Evolving to learn: discovering interpretable plasticity rules for spiking networks
Jakob Jordan, Maximilian Schmidt, Walter Senn, and Mihai A. Petrovici

TL;DR
This paper introduces an automated evolutionary method to discover interpretable synaptic plasticity rules for spiking neural networks, enhancing understanding of biological learning and improving artificial system adaptability.
Contribution
It presents a novel symbolic evolution approach to find biophysically plausible, interpretable plasticity rules tailored to specific tasks, bridging biological plausibility and machine learning.
Findings
Discovered new reward-based learning mechanisms.
Recovered gradient-descent-like learning rules.
Identified functionally equivalent STDP-like rules with homeostasis.
Abstract
Continuous adaptation allows survival in an ever-changing world.
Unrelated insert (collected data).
Lemma Cmod_cosh_coef_le (w : C) (k : nat) :
  (Cmod (cosh_coef w k) <= Cmod w ^ k / INR (fact k))%R.
Proof.
  assert (h2 : (2 : C) <> 0) by (intros E; injection E; lra).
  unfold cosh_coef. rewrite Cmod_div by exact h2.
  replace (Cmod 2) with 2%R by (rewrite Cmod_R, Rabs_pos_eq; lra).
  assert (T := Cmod_triangle (expc w k) (expc (- w) k)).
  rewrite !Cmod_expc, Cmod_opp in T. lra.
Qed.

Lemma ex_series_cosh_coef (w : C) : ex_series (fun k => Cmod (cosh_coef w k)).
Proof.
  apply (ex_series_le (V := R_CompleteNormedModule) _ (fun k => Cmod w ^ k / INR (fact k))%R).
  - intros k. unfold norm; simpl. rewrite Rabs_pos_eq by apply Cmod_ge_0.
    apply Cmod_cosh_coef_le.
  - exists (exp (Cmod w)). eapply is_series_ext; [| exact (is_exp_Reals (Cmod w))].
    intros n. unfold scal; simpl; unfold mult; simpl. rewrite pow_n_pow. unfold Rdiv. ring.
Qed.

Lemma cosh_coef_even (w : C) (k : nat) :
  cosh_coef w (2 * k) = w ^ (2 * k) / RtoC (INR (fact (2 * k))).
Proof.
  unfold cosh_coef, expc. rewrite !Cpow_mult_r.
  replace ((- w) ^ 2) with (w ^ 2) by ring.
  field. apply RtoC_INR_fact_neq0.
Qed.

Lemma cosh_coef_odd (w : C) (k : nat) : cosh_coef w (S (2 * k)) = 0.
Proof.
  unfold cosh_coef, expc. rewrite !Cpow_S, !Cpow_mult_r.
  replace ((- w) ^ 2) with (w ^ 2) by ring.
  field. apply RtoC_INR_fact_neq0.
Qed.
(* Let $\alpha$ and $\beta$ be ribbons such that $[\alpha]=[\beta]$. Then $\beta=\alpha_\pi$ for some permutation $\pi$; that is, $\alpha$ and $\beta$ have the same number $m$ of rows, and the sequence of row lengths of $\beta$ is a rearrangement of the sequence of row lengths of $\alpha$.
   Context: A ribbon is a connected skew shape (in English notation) containing no $2\times 2$ block of boxes. A composition $\alpha=(\alpha_1,\dots,\alpha_m)$ determines the unique ribbon with $m$ rows whose $i$-th row from the top has $\alpha_i$ boxes; consecutive rows $i$ and $i+1$ share exactly one column, the leftmost box of row $i$ lying directly above the rightmost box of row $i+1$. For $\pi\in S_m$, $\alpha_\pi=(\alpha_{\pi^{-1}(1)},\dots,\alpha_{\pi^{-1}(m)})$. For a skew shape $\lambda/\mu$, write $s_{\lambda/\mu}=\sum_\nu c^{\lambda}_{\mu,\nu}s_\nu$ (expansion in Schur functions $s_\nu$ over partitions $\nu$); the Schur support is $[\lambda/\mu]=\{\nu : c^\lambda_{\mu,\nu}>0\}$. (The proof may use McNamara's theorem that two skew shapes with equal Schur support contain the same number of $k\times\ell$ rectangles as subdiagrams for all $k,\ell\ge 1$.) *)

From mathcomp Require Import all_boot.
Set Implicit Arguments. Unset Strict Implicit. Unset Printing Implicit Defensive.

Definition is_partition (nu : seq nat) : Prop :=
  all (fun x => 0 < x) nu /\ sorted geq nu.

Definition is_composition (a : seq nat) : Prop := all (fun x => 0 < x) a.

(* Skew shape lam/mu in English notation, rows and columns 0-indexed:
   cell (i,j) belongs to lam/mu iff nth 0 mu i <= j < nth 0 lam i. *)
Definition in_skew (lam mu : seq nat) (i j : nat) : bool :=
  (nth 0 mu i <= j) && (j < nth 0 lam i).

Definition reading_word (lam mu : seq nat) (T : nat -> nat -> nat) : seq nat :=
  flatten [seq [seq T i j | j <- rev (iota (nth 0 mu i) (nth 0 lam i - nth 0 mu i))]
          | i <- iota 0 (size lam)].

(* Littlewood-Richardson tableau of shape lam/mu and content nu
   (letters are 0-indexed: letter k stands for k+1). *)
Definition LR_tableau (lam mu nu : seq nat) (T : nat -> nat -> nat) : Prop :=
  (forall i j, in_skew lam mu i j -> in_skew lam mu i j.+1 -> T i j <= T i j.+1) /\
  (forall i j, in_skew lam mu i j -> in_skew lam mu i.+1 j -> T i j < T i.+1 j) /\
  (forall k, count_mem k (reading_word lam mu T) = nth 0 nu k) /\
  (forall n k, count_mem k.+1 (take n (reading_word lam mu T))
               <= count_mem k (take n (reading_word lam mu T))).

(* Schur support [lam/mu] = { nu : c^lam_{mu,nu} > 0 }, where by the
   Littlewood-Richardson rule c^lam_{mu,nu} is the number of LR tableaux of
   shape lam/mu and content nu. *)
Definition schur_support (lam mu nu : seq nat) : Prop :=
  is_partition nu /\ exists T, LR_tableau lam mu nu T.

(* The ribbon of a composition a = (a_1,...,a_m): row i (from the top) has a_i
   boxes, and the leftmost box of row i lies above the rightmost box of row i+1.
   Bottom row starts at column 0; row i starts at column sum_{k>i} (a_k - 1). *)
Definition ribbon_outer (a : seq nat) : seq nat :=
  [seq (sumn (map predn (drop i a))).+1 | i <- iota 0 (size a)].
Definition ribbon_inner (a : seq nat) : seq nat :=
  [seq sumn (map predn (drop i.+1 a)) | i <- iota 0 (size a)].

Definition ribbon_support (a : seq nat) (nu : seq nat) : Prop :=
  schur_support (ribbon_outer a) (ribbon_inner a) nu.

From mathcomp Require Import all_boot zify.

Set Implicit Arguments.
Unset Strict Implicit.
Unset Printing Implicit Defensive.

(* Write [excess s t] for the sum of the positive parts (x - t)_+ over the
   entries x of s; a sequence of positive integers is determined up to order by
   the function [excess s].  In an LR tableau every row of the reading word is
   weakly decreasing, and the lattice condition forces the k-th letter of a row
   (counting from 0) to have occurred at least k times before it; hence the
   row lengths r of any skew shape with nu in its Schur support satisfy
   excess r t <= excess nu t.  The row lengths of the ribbon of alpha are
   alpha, and the decreasing rearrangement of alpha lies in [alpha].  So
   [alpha] = [beta] gives excess alpha = excess beta. *)

Definition excess (s : seq nat) (t : nat) : nat := sumn [seq x - t | x <- s].

Lemma excessS s t : excess s t = excess s t.+1 + count (fun x => t < x) s.
Proof.
by elim: s => //= x s IHs; rewrite /excess /= -!/(excess _ _) IHs; case: ltnP; lia.
Qed.

Lemma excess_rcons s x t : excess (rcons s x) t = excess s t + (x - t).
Proof. by rewrite /excess map_rcons sumn_rcons. Qed.

Lemma perm_excess s1 s2 t : perm_eq s1 s2 -> excess s1 t = excess s2 t.
Proof. by move=> eq_s; apply/perm_sumn/perm_map. Qed.

Lemma excess_sort (leT : rel nat) s t : excess (sort leT s) t = excess s t.
Proof. by apply: perm_excess; rewrite perm_sort. Qed.

Lemma excess_incr_nth s i t :
  i < size s -> excess (incr_nth s i) t = excess s t + (t <= nth 0 s i).
Proof.
elim: s i => [|x s IHs] [|i] //= lt_i_s; rewrite /excess /= -!/(excess _ _).
  by case: leqP; lia.
by rewrite IHs // addnA.
Qed.

Lemma excess_inj s1 s2 :
  all (fun x => 0 < x) s1 -> all (fun x => 0 < x) s2 ->
  (forall t, excess s1 t = excess s2 t) -> perm_eq s1 s2.
Proof.
move=> pos1 pos2 eq_exc.
have count_gt t : count (fun x => t < x) s1 = count (fun x => t < x) s2.
  by have := eq_exc t; rewrite (excessS s1) (excessS s2) eq_exc; lia.
have count0 s : all (fun x => 0 < x) s -> count_mem 0 s = 0.
  by move=> pos; apply/count_memPn/negP => /(allP pos).
have count_gtS x s :
    count (fun y => x < y) s = count_mem x.+1 s + count (fun y => x.+1 < y) s.
  elim: s => //= y s ->; case: (ltngtP x.+1 y) => _;
  by rewrite ?add0n ?addnA // [true + _]addnC.
apply/allP => x _; apply/eqP; case: x => [|x]; first by rewrite !count0.
by have := count_gt x; rewrite !(count_gtS x) count_gt => /addIn.
Qed.

Definition lattice_word (w : seq nat) : Prop :=
  forall n k, count_mem k.+1 (take n w) <= count_mem k (take n w).

Lemma lattice_word_take n w : lattice_word w -> lattice_word (take n w).
Proof.
move=> lat_w m k; case: (leqP m n) => [le_mn | /ltnW le_nm].
  by rewrite take_takel //; apply: lat_w.
by rewrite take_taker //; apply: lat_w.
Qed.

Lemma lattice_word_catl w1 w2 : lattice_word (w1 ++ w2) -> lattice_word w1.
Proof. by move/(lattice_word_take (size w1)); rewrite take_size_cat. Qed.

Lemma lattice_word_count_le w a b :
  lattice_word w -> a <= b -> count_mem b w <= count_mem a w.
Proof.
move=> lat_w; elim: b => [|b IHb]; first by rewrite leqn0 => /eqP ->.
rewrite leq_eqVlt => /predU1P [-> // | lt_ab].
by apply: leq_trans (IHb lt_ab); have := lat_w (size w) b; rewrite take_size.
Qed.

Definition content (N : nat) (w : seq nat) : seq nat :=
  [seq count_mem k w | k <- iota 0 N].

Lemma content_rcons N w z :
  z < N -> content N (rcons w z) = incr_nth (content N w) z.
Proof.
move=> lt_zN; apply: (@eq_from_nth _ 0) => [|i].
  by rewrite size_incr_nth !size_map size_iota lt_zN.
rewrite size_map size_iota => lt_iN.
rewrite nth_incr_nth !(nth_map 0) ?size_iota // nth_iota //.
by rewrite -cats1 count_cat /= addn0 addnC.
Qed.

(* Every letter [z <= y] has at least [r] occurrences in [w], so the k-th letter
   of the row [s] has at least [r + k] earlier occurrences and raises the excess
   as soon as [t <= r + k]. *)
Lemma excess_content_cat_row N t w s y r :
  lattice_word (w ++ s) -> all (fun x => x < N) s -> path geq y s ->
  r <= count_mem y w ->
  excess (content N w) t + (r + size s - t) <= excess (content N (w ++ s)) t + (r - t).
Proof.
elim: s w y r => [|z s IHs] w y r lat /= ; first by rewrite cats0 addn0.
move=> /andP [lt_zN lt_sN] /andP [le_zy path_s] le_r.
have le_rz : r <= count_mem z w.
  exact: leq_trans le_r (lattice_word_count_le (lattice_word_catl lat) le_zy).
have := IHs (rcons w z) z r.+1; rewrite cat_rcons => /(_ lat lt_sN path_s).
rewrite -cats1 count_cat /= eqxx addn1 ltnS => /(_ le_rz).
rewrite cats1 content_rcons // excess_incr_nth ?size_map ?size_iota //.
rewrite (nth_map 0) ?size_iota // nth_iota // add0n.
have [le_tr | lt_rt] := leqP t r; first by rewrite (leq_trans le_tr le_rz); lia.
by case: (t <= _); lia.
Qed.

Lemma excess_content_rows N t rows :
  lattice_word (flatten rows) -> all (fun x => x < N) (flatten rows) ->
  all (sorted geq) rows ->
  excess (map size rows) t <= excess (content N (flatten rows)) t.
Proof.
elim/last_ind: rows => [//|rows s IHrows].
rewrite flatten_rcons all_rcons map_rcons excess_rcons all_cat.
move=> lat /andP [lt_rowsN lt_sN] /andP [sorted_s sorted_rows].
have path_s : path geq (head 0 s) s.
  by case: s {lat lt_sN} sorted_s => //= x s ->; rewrite leqnn.
have := excess_content_cat_row t lat lt_sN path_s (leq0n _).
have := IHrows (lattice_word_catl lat) lt_rowsN sorted_rows.
lia.
Qed.

Lemma sorted_map_iota (f : nat -> nat) m n :
  (forall j, m <= j -> j.+1 < m + n -> f j <= f j.+1) ->
  sorted leq [seq f j | j <- iota m n].
Proof.
rewrite sorted_map; elim: n m => [|[|n] IHn] m f_le //=.
rewrite -/(relpre f leq m m.+1) {1}/relpre f_le ?addnS ?ltnS ?leq_addr //=.
by apply: (IHn m.+1) => j le_mj lt_j; apply: f_le; lia.
Qed.

Definition row_lengths (lam mu : seq nat) : seq nat :=
  [seq nth 0 lam i - nth 0 mu i | i <- iota 0 (size lam)].

Lemma LR_tableau_excess lam mu nu T t :
  LR_tableau lam mu nu T -> excess (row_lengths lam mu) t <= excess nu t.
Proof.
case=> row_le [_ [content_T lat]].
set rows := [seq [seq T i j | j <- rev (iota (nth 0 mu i) (nth 0 lam i - nth 0 mu i))]
            | i <- iota 0 (size lam)].
have reading_rows : reading_word lam mu T = flatten rows by [].
rewrite reading_rows in content_T lat.
have -> : row_lengths lam mu = map size rows.
  by rewrite -map_comp; apply: eq_map => i /=; rewrite size_map size_rev size_iota.
have -> : excess nu t = excess (content (size nu) (flatten rows)) t.
  by rewrite /content (eq_map content_T) -/(mkseq _ _) mkseq_nth.
apply: excess_content_rows => //.
  apply/allP => x x_in; rewrite ltnNge; apply: contraL x_in => le_nu_x.
  by apply/count_memPn; rewrite content_T nth_default.
apply/allP => _ /mapP [i _ ->]; rewrite map_rev rev_sorted.
by apply: sorted_map_iota => j le_j lt_j; apply: row_le; apply/andP; lia.
Qed.
(* Let $S$ be a finite set of distinct lines in the plane, each having one of three distinct slopes, such that no point lies on three lines of $S$. Let $x\ge y\ge z$ be the numbers of lines of $S$ in the three slope classes. Consider the following greedy algorithm: while there exists a point at which two not-yet-hit lines of $S$ cross, choose such a point whose two lines belong to the two slope classes currently having the largest numbers of unhit lines, and mark these two lines as hit; afterwards, place one point on each remaining unhit line. This algorithm produces a minimum-cardinality hitting set for $S$, and the minimum number of points in a hitting set for $S$ is $$OPT_2(x,y,z)=\begin{cases} x & \text{if } x\ge y+z,\\ \lceil (x+y+z)/2\rceil & \text{if } x<y+z.\end{cases}$$
   Context: A hitting set for a set of lines is a finite set of points such that every line contains at least one of the points. *)

From HB Require Import structures.
From mathcomp Require Import all_boot all_order all_algebra.
Set Implicit Arguments. Unset Strict Implicit. Unset Printing Implicit Defensive.
Import Order.TTheory GRing.Theory Num.Theory.

Section Lines.
Variable R : realFieldType.
Local Open Scope ring_scope.

Definition point := (R * R)%type.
Adjustments in the synaptic coupling strength between neurons are essential for this capability, setting us apart from simpler, hard-wired organisms. How these changes can be mathematically described at the phenomenological level, as so called "plasticity rules", is essential both for understanding biological information processing and for developing cognitively performant artificial systems. We suggest an automated approach for discovering biophysically plausible plasticity rules based on the definition of task families, associated performance measures and biophysical constraints. By evolving compact symbolic expressions we ensure the discovered plasticity rules are amenable to intuitive understanding, fundamental for successful communication and human-guided generalization. We successfully apply our approach to typical…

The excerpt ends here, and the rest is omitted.